Criminal Law  – Statutory offences  – Misuse of Drugs Act  – Possession of controlled drugs for purposes of trafficking  – Element of possession  – Requisite knowledge of contents of packages  – Wilful blindness as to contents no defence  – s 5 Misuse of Drugs Act (Cap 185)

1       On the evening of 4 April 2000, several officers from the Central Narcotics Bureau (“CNB”) lay in wait on the 12th floor of Block 701, Yishun Avenue 5. At about 6.45pm, they received instructions to proceed three floors below, to the ninth floor of the same block. The officers did so. Upon their arrival at the ninth floor staircase landing, the officers saw the appellant. He was engaged in a conversation over his mobile phone, with his back facing the officers. The appellant also had a plastic bag (P22) in his possession. One of the officers announced their arrival by shouting “CNB”, whereupon they rushed up and apprehended the appellant.

2       Inside the plastic bag carried by the appellant were five bundles. Each bundle was wrapped in newspapers. Each bundle also had a plastic layer surrounding the newspaper wrapping. The five bundles were later found to contain a powdery substance (“the drugs”) which had a total diamorphine content of not less than 72.58 grams.

3       The appellant was further found to be in possession of two wads of money. The first wad consisted of ten dollar notes amounting to a sum of S$2,240. The second wad consisted of fifty dollar notes which added up to a sum of S$2,650.

4       After his arrest, the appellant’s home was searched but the police were unable to find any drug-related paraphernalia. A urine test for drugs conducted on the appellant also yielded negative results.

The trial below

5       The appellant was charged in the High Court as follows:

… you … on 4 April 2000, at about 6.45pm, at the 9th floor staircase landing of Blk 701 Yishun Avenue 5, Singapore, did traffic in a controlled drug specified in Class ‘A’ of the First Schedule to the Misuse of Drugs Act (Cap 185), to wit, by having in your possession for the purpose of trafficking, 1 plastic carrier containing 5 plastic packets of diamorphine weighing 72.58 grams (nett) at the said place without any authorisation under the said Act or the regulations made thereunder, and you have thereby committed an offence under s 5(1)(a) read with s 5(2), and punishable under s 33 of the Misuse of Drugs Act.

6       The trial was held before Judicial Commissioner Choo Han Teck.

The prosecution’s case

7       It was the prosecution’s case that the appellant knew what lay inside the five newspaper-wrapped bundles. It was further argued that this knowledge, coupled with the appellant’s physical control over the bundles, established the requisite element of possession of the drugs in the bundles. The prosecution then relied on s 17 of the Misuse of Drugs Act (Cap 185), for the presumption that the appellant was in possession of the drugs for the purpose of trafficking.

The defence below

8       The appellant’s defence, as laid down both by his long statement and by his testimony in court, was as follows.
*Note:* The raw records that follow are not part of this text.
Lemma eigenvector_row : map_mx rc v = eigen_coord v 0 k0 *: row k0 P.
Proof.
have -> : map_mx rc v = eigen_coord v *m P by rewrite /eigen_coord mulmxKV.
set al := eigen_coord v 0 k0.
apply/rowP => j; rewrite !mxE (bigD1 k0) //= big1 ?addr0 // => k kk0.
by rewrite eigen_coord_simple // mul0r.
Qed.

Lemma eigen_coord_simple_neq0 : eigen_coord v 0 k0 != 0.
Proof.
apply: contraNneq v_nz => al0.
by rewrite -(map_mx_eq0 rc) eigenvector_row al0 scale0r.
Qed.

Lemma eigen_coord_dot y :
  rc ((v *m y^T) 0 0) = (eigen_coord v 0 k0)^* * eigen_coord y 0 k0.
Proof.
have := eigenvector_row; set al := eigen_coord v 0 k0 => v_row.
rewrite (eigen_coordE y) mulr_sumr mxE rmorph_sum; apply: eq_bigr => j _.
have := congr1 (fun X : 'rV_n => X 0 j) v_row; rewrite !mxE => vj.
by rewrite rmorphM /= -[rc (v 0 j)]conj_rc vj rmorphM mulrAC -mulrA.
Qed.

Lemma quad_form_rank_one : (forall k, k != k0 -> 1 <= sym_eigenvalue k) ->
  exists c : R, forall y : 'rV[R]_n,
    (y *m (1%:M - M) *m y^T) 0 0 <= c * ((v *m y^T) 0 0) ^+ 2.
Proof.
move=> others.
have al0 := eigen_coord_simple_neq0.
have alc0 : (eigen_coord v 0 k0)^* != 0 by rewrite conjC_eq0.
have dot := eigen_coord_dot.
set al := eigen_coord v 0 k0 in al0 alc0 dot.
have rc_norm : rc (complex.Re (al * al^*)) = al * al^*.
  by rewrite RRe_real // ger0_real // mul_conjC_ge0.
exists ((1 - sym_eigenvalue k0) / complex.Re (al * al^*)) => y.
rewrite -lecR quad_form_eigen (bigD1 k0) //=.
apply: ler_wnDr; first by apply: sumr_le0 => k kk0; apply: eigen_term_le0; apply: others.
rewrite expr2 !rmorphM fmorphV /= rc_norm.
rewrite -[X in _ <= _ * (_ * X)]conj_rc dot [(_ * eigen_coord y 0 k0)^*]rmorphM /= conjCK.
rewrite le_eqVlt; apply/orP; left; apply/eqP.
by field; rewrite al0 alc0.
Qed.

End SimpleEigenvalue.

Lemma sym_quad_form_bound :
  (forall k k', sym_eigenvalue k < 1 -> sym_eigenvalue k' < 1 -> k = k') ->
  exists (c : R) (s : 'rV[R]_n), forall y : 'rV[R]_n,
    (y *m (1%:M - M) *m y^T) 0 0 <= c * ((s *m y^T) 0 0) ^+ 2.
Proof.
move=> at_most_one.
case: (pickP (fun k => sym_eigenvalue k < 1)) => [k0 lt1 | none]; last first.
  exists 0, 0 => y; rewrite mul0r -lecR rmorph0 quad_form_eigen.
  by apply: sumr_le0 => k _; apply: eigen_term_le0; rewrite leNgt none.
have others k : k != k0 -> 1 <= sym_eigenvalue k.
  move=> kk0; rewrite leNgt; apply: contra kk0 => lt1k.
  by apply/eqP/at_most_one.
have simple k : k != k0 -> sym_eigenvalue k != sym_eigenvalue k0.
  by move=> kk0; rewrite gt_eqF // (lt_le_trans lt1 (others k kk0)).
have : eigenvalue M (sym_eigenvalue k0).
  rewrite eigenvalue_root_char char_poly_sym.
  by rewrite (bigD1 k0) //= rootM root_XsubC eqxx.
case/eigenvalueP => v v_eigen v_nz.
have [c bound] := quad_form_rank_one simple v_eigen v_nz others.
by exists c, v.
Qed.

End RealSymmetricSpectrum.

Lemma sorted_spectrum_sort (R : realType) n (M : 'M[R]_n) (r : 'I_n -> R) :
  char_poly M = \prod_(k < n) ('X - (r k)%:P) ->
  sorted_spectrum M (sort <=%R [seq r k | k <- enum 'I_n]).
Proof.
move=> char_M; split; first exact: sort_le_sorted.
by rewrite char_M (perm_big _ (permEl (perm_sort _ _))) big_map big_enum.
Qed.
9       On the night of 3 April 2000, which was the eve of his arrest, the appellant went by himself to the “Europa” pub at East Coast for a drink. While he was there, a Chinese man who introduced himself as “Ah Boy” approached the appellant. The appellant recognised “Ah Boy”, although he could not quite place his finger on where he had met “Ah Boy” before. In the course of the conversation that ensued between the two men, ‘Ah Boy’ found out that the appellant was unemployed, whereupon he offered to find the appellant a job. At “Ah Boy’s” request, the appellant gave “Ah Boy” his mobile phone number. They continued chit-chatting thereafter, until about midnight, when “Ah Boy” left the pub.

10     At about 10am the next morning, on 4 April 2000, the appellant woke up to find himself on a beach near the “Europa” pub where he had been drinking the night before. He made his way to a nearby food court to get some breakfast. At about 1pm, he received a telephone call from “Ah Boy”. “Ah Boy” reminded the appellant about the job offer which he made to the appellant the night before, and then gave the appellant certain instructions to follow. The appellant was told to turn up at the front of Riverdale Primary School at Sengkang, at 3.30pm that same afternoon. He was also given a telephone number, 9354 7663 (“the first number”), to call.

11     The appellant proceeded to follow “Ah Boy’s” instructions dutifully. He took a taxi and arrived at the school in Sengkang. At the appointed time, a Chinese man whom the appellant had never seen before, approached the appellant. The man did not identify himself, but merely handed the plastic bag P22 to the appellant. The man spoke in a mixture of Chinese and English, telling the appellant that the plastic bag belonged to “Ah Boy”, and that “Ah Boy” would contact the appellant later. As the man walked away, the appellant peered into the plastic bag, inserted his hand inside, and counted the five bundles.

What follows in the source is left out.